## Data for this task
Lemma in_pos_trajectory_mono n N x : (n <= N)%N -> Tr n x -> Tr N x.
Proof.
move=> le_nN [s [Ss ->]]; exists (fun k => if (k <= n)%N then s k else 0); split=> [k _|].
  by case: ifP => [/Ss //|_]; case: grS.
rewrite (big_ord_widen N.+1 (fun k => iter k phi (s k))) // big_mkcond.
by apply: eq_bigr => k _ /=; rewrite ltnS; case: ifP => // _; rewrite iter_addmorph0.
Qed.

Lemma in_pos_trajectoryB n x y : Tr n x -> Tr n y -> Tr n (x - y).
Proof.
move=> [s [Ss ->]] [t [St ->]]; exists (fun k => s k - t k); split=> [k kn|].
  by apply: grS.2; [apply: Ss | apply: St].
by rewrite -sumrB; apply: eq_bigr => k _; rewrite (addmorphB (addmorph_iter phiD k)).
Qed.

End PosTrajectory.

Lemma char_in_pos_trajectory (R : realType) (G : zmodType) (phi : G -> G) S
    (chi : G -> R[i]) n x :
  is_character chi -> (forall k a, S a -> chi (iter k phi a) = 1) ->
  in_pos_trajectory phi S n x -> chi x = 1.
Proof.
move=> chi_char chi1 [s [Ss ->]]; have [_ chiD] := chi_char.
rewrite (big_morph chi chiD (char0 chi_char)) big1 // => k _.
by apply/chi1/Ss; rewrite -ltnS.
Qed.

Section Trajectory.
Variables (G : zmodType) (phi phiinv : G -> G) (S : set G).
Hypotheses (phiD : {morph phi : x y / x + y}) (phiinvD : {morph phiinv : x y / x + y}).
Hypothesis grS : subgroup S.
Local Notation Tr := (in_trajectory phi phiinv S).

Lemma in_trajectoryP n x : Tr n x <-> exists y z,
  [/\ in_pos_trajectory phi S n y, in_pos_trajectory phiinv S n z & x = y + z].
Proof.
(* The k = 0 term of the backward sum is absorbed into the forward one. *)
have split0 (F : nat -> G) : \sum_(k < n.+1) F k = F 0%N + \sum_(1 <= k < n.+1) F k.
  by rewrite -(big_mkord xpredT) big_ltn.
split.
  move=> [s [t [St ->]]]; exists (\sum_(k < n.+1) iter k phi (s k)).
  exists (\sum_(1 <= k < n.+1) iter k phiinv (t k)); split=> //.
    by exists s; split=> // k /St [].
  exists (fun k => if k == 0%N then 0 else t k); split=> [k /St [_ Stk]|].
    by case: eqP => // _; case: grS.
  rewrite (split0 (fun k => iter k phiinv (if k == 0%N then 0 else t k))) /= add0r.
  by apply: eq_big_nat => k /andP [k_gt0 _]; rewrite gtn_eqF.
move=> [_ [_ [[s [Ss ->]] [t [St ->]] ->]]].
exists (fun k => if k == 0%N then s 0%N + t 0%N else s k), t; split.
  move=> k kn; split; last exact: St.
  by case: eqP => [_|_]; [apply: subgroupD; [|apply: Ss|apply: St] | apply: Ss].
rewrite (split0 (fun k => iter k phi (s k))) (split0 (fun k => iter k phiinv (t k))).
rewrite (split0 (fun k => iter k phi (if k == 0%N then s 0%N + t 0%N else s k))) /=.
rewrite [LHS]addrACA -[RHS]addrA; congr (_ + (_ + _)).
by apply: eq_big_nat => k /andP [k_gt0 _]; rewrite gtn_eqF.
Qed.

Lemma in_trajectory0 n : Tr n 0.
Proof.
by apply/in_trajectoryP; exists 0, 0; rewrite addr0; split=> //; apply: in_pos_trajectory0.
Qed.

Lemma in_trajectory_mono n N x : (n <= N)%N -> Tr n x -> Tr N x.
Proof.
move=> le_nN /in_trajectoryP [y [z [Ty Tz ->]]]; apply/in_trajectoryP; exists y, z.
by split=> //; apply: in_pos_trajectory_mono le_nN _.
Qed.

Lemma in_trajectoryB n x y : Tr n x -> Tr n y -> Tr n (x - y).
Proof.
move=> /in_trajectoryP [x1 [x2 [Tx1 Tx2 ->]]] /in_trajectoryP [y1 [y2 [Ty1 Ty2 ->]]].
apply/in_trajectoryP; exists (x1 - y1), (x2 - y2); rewrite opprD addrACA.
by split=> //; apply: in_pos_trajectoryB.
Qed.

Lemma in_trajectory_iter k a : S a -> Tr k (iter k phi a) /\ Tr k (iter k phiinv a).
Proof.
move=> Sa; split; apply/in_trajectoryP.
  by exists (iter k phi a), 0; rewrite addr0; split;
    [apply: in_pos_trajectory_iter | apply: in_pos_trajectory0 |].
by exists 0, (iter k phiinv a); rewrite add0r; split;
  [apply: in_pos_trajectory0 | apply: in_pos_trajectory_iter |].
Qed.

Lemma char_in_trajectory (R : realType) (chi : G -> R[i]) n x : is_character chi ->
  (forall k a, S a -> chi (iter k phi a) = 1) ->
  (forall k a, S a -> chi (iter k phiinv a) = 1) ->
  Tr n x -> chi x = 1.
Proof.
move=> chi_char chi1 chi1' /in_trajectoryP [y [z [Ty Tz ->]]]; have [_ ->] := chi_char.
rewrite (char_in_pos_trajectory chi_char chi1 Ty).
by rewrite (char_in_pos_trajectory chi_char chi1' Tz) mulr1.
Qed.

End Trajectory.

Section Covers.
Variables (R : realType) (G : zmodType).
Local Notation C := R[i].
Hypothesis torG : torsion G.
Implicit Types (Tr : nat -> set G) (chi : G -> C).

Definition covers Tr :=
  forall F, finite_subgroup F -> exists n, forall x, F x -> Tr n x.

Lemma covers_char_trivial Tr chi : covers Tr -> is_character chi ->
  (forall n x, Tr n x -> chi x = 1) -> chi = @triv_char R G.
Proof.
move=> covTr chi_char chi1; apply: funext => x.
have [n Fn] := covTr _ (finite_subgroup_cyclic torG x).
by apply: (chi1 n); apply: Fn; exists 1%N; rewrite ?mulr1n.
Qed.

Lemma covers_of_char_trivial Tr :
  (forall n N x, (n <= N)%N -> Tr n x -> Tr N x) -> Tr 0%N 0 ->
  (forall n x y, Tr n x -> Tr n y -> Tr n (x - y)) ->
  (forall chi, is_character chi ->
    (forall n x, Tr n x -> chi x = 1) -> chi = @triv_char R G) ->
  covers Tr.
Proof.
move=> mono Tr00 TrB trivial.
have cover_all x : exists n, Tr n x.
  apply: contrapT => no_n.
  have grT : subgroup (fun x => exists n, Tr n x).
    split=> [|a b [n Tna] [m Tmb]]; first by exists 0%N.
    exists (maxn n m); apply: TrB.
      exact: mono (leq_maxl n m) Tna.
    exact: mono (leq_maxr n m) Tmb.
  have [chi [chi_char chiT]] := char_separates R torG grT no_n.
  rewrite (trivial chi chi_char) ?eqxx // => n a Tna.
  by apply: chiT; exists n.
move=> F [_ _ [f Ff]].
have [N fN] : exists N, forall x, x \in f -> Tr N x.
  elim: f {Ff} => [|a f [N fN]]; first by exists 0%N.
  have [n Tna] := cover_all a; exists (maxn n N) => x; rewrite inE => /predU1P [->|/fN].
    exact: mono (leq_maxl n N) Tna.
  exact: mono (leq_maxr n N).
by exists N => x /Ff /fN.
Qed.

End Covers.

Section Neighbourhoods.
Variables (R : realType) (G : zmodType).
Local Notation C := R[i].
Hypothesis torG : torsion G.
Implicit Types (chi : G -> C).

Definition near1 (s : seq G) : set (G -> C) :=
  [set chi | forall x, x \in s -> `|chi x - 1| < 1].

Lemma dual_nbhs_near1 s : dual_nbhs_e (near1 s).
Proof. by exists s, 1; split=> [|chi _]; [exact: ltr01 | apply]. Qed.

Lemma near1_triv s : near1 s (@triv_char R G).
Proof. by move=> x _; rewrite subrr normr0 ltr01. Qed.

Lemma near1_iter_dual_trivial phi S s chi k : {morph phi : x y / x + y} ->
  subgroup S -> (forall x, S x <-> x \in s) -> is_character chi ->
  near1 s (iter k (dual_map phi) chi) -> forall a, S a -> chi (iter k phi a) = 1.
Proof.
move=> phiD grS Ss chi_char; rewrite iter_dual_map => near1_k.
apply: (char_near1_trivial torG (char_comp chi_char (addmorph_iter phiD k)) grS).
by move=> a /Ss; apply: near1_k.
Qed.

Lemma dual_nbhs_char_trivial U : dual_nbhs_e U -> exists F0 : seq G,
  forall chi, is_character chi -> (forall x, x \in F0 -> chi x = 1) -> U chi.
Proof.
move=> [F0 [eps [eps_gt0 UF0]]]; exists F0 => chi chi_char chi1.
by apply: UF0 => // x /chi1 ->; rewrite subrr normr0 (ltcR 0).
Qed.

## Prompt
Reproduce, exactly and without additions, the run of lines from the start of the listing above to the line bearing "(* The k = 0", inclusive.

## Answer area
Lemma in_pos_trajectory_mono n N x : (n <= N)%N -> Tr n x -> Tr N x.
Proof.
move=> le_nN [s [Ss ->]]; exists (fun k => if (k <= n)%N then s k else 0); split=> [k _|].
  by case: ifP => [/Ss //|_]; case: grS.
rewrite (big_ord_widen N.+1 (fun k => iter k phi (s k))) // big_mkcond.
by apply: eq_bigr => k _ /=; rewrite ltnS; case: ifP => // _; rewrite iter_addmorph0.
Qed.

Lemma in_pos_trajectoryB n x y : Tr n x -> Tr n y -> Tr n (x - y).
Proof.
move=> [s [Ss ->]] [t [St ->]]; exists (fun k => s k - t k); split=> [k kn|].
  by apply: grS.2; [apply: Ss | apply: St].
by rewrite -sumrB; apply: eq_bigr => k _; rewrite (addmorphB (addmorph_iter phiD k)).
Qed.

End PosTrajectory.

Lemma char_in_pos_trajectory (R : realType) (G : zmodType) (phi : G -> G) S
    (chi : G -> R[i]) n x :
  is_character chi -> (forall k a, S a -> chi (iter k phi a) = 1) ->
  in_pos_trajectory phi S n x -> chi x = 1.
Proof.
move=> chi_char chi1 [s [Ss ->]]; have [_ chiD] := chi_char.
rewrite (big_morph chi chiD (char0 chi_char)) big1 // => k _.
by apply/chi1/Ss; rewrite -ltnS.
Qed.

Section Trajectory.
Variables (G : zmodType) (phi phiinv : G -> G) (S : set G).
Hypotheses (phiD : {morph phi : x y / x + y}) (phiinvD : {morph phiinv : x y / x + y}).
Hypothesis grS : subgroup S.
Local Notation Tr := (in_trajectory phi phiinv S).

Lemma in_trajectoryP n x : Tr n x <-> exists y z,
  [/\ in_pos_trajectory phi S n y, in_pos_trajectory phiinv S n z & x = y + z].
Proof.
(* The k = 0 term of the backward sum is absorbed into the forward one. *)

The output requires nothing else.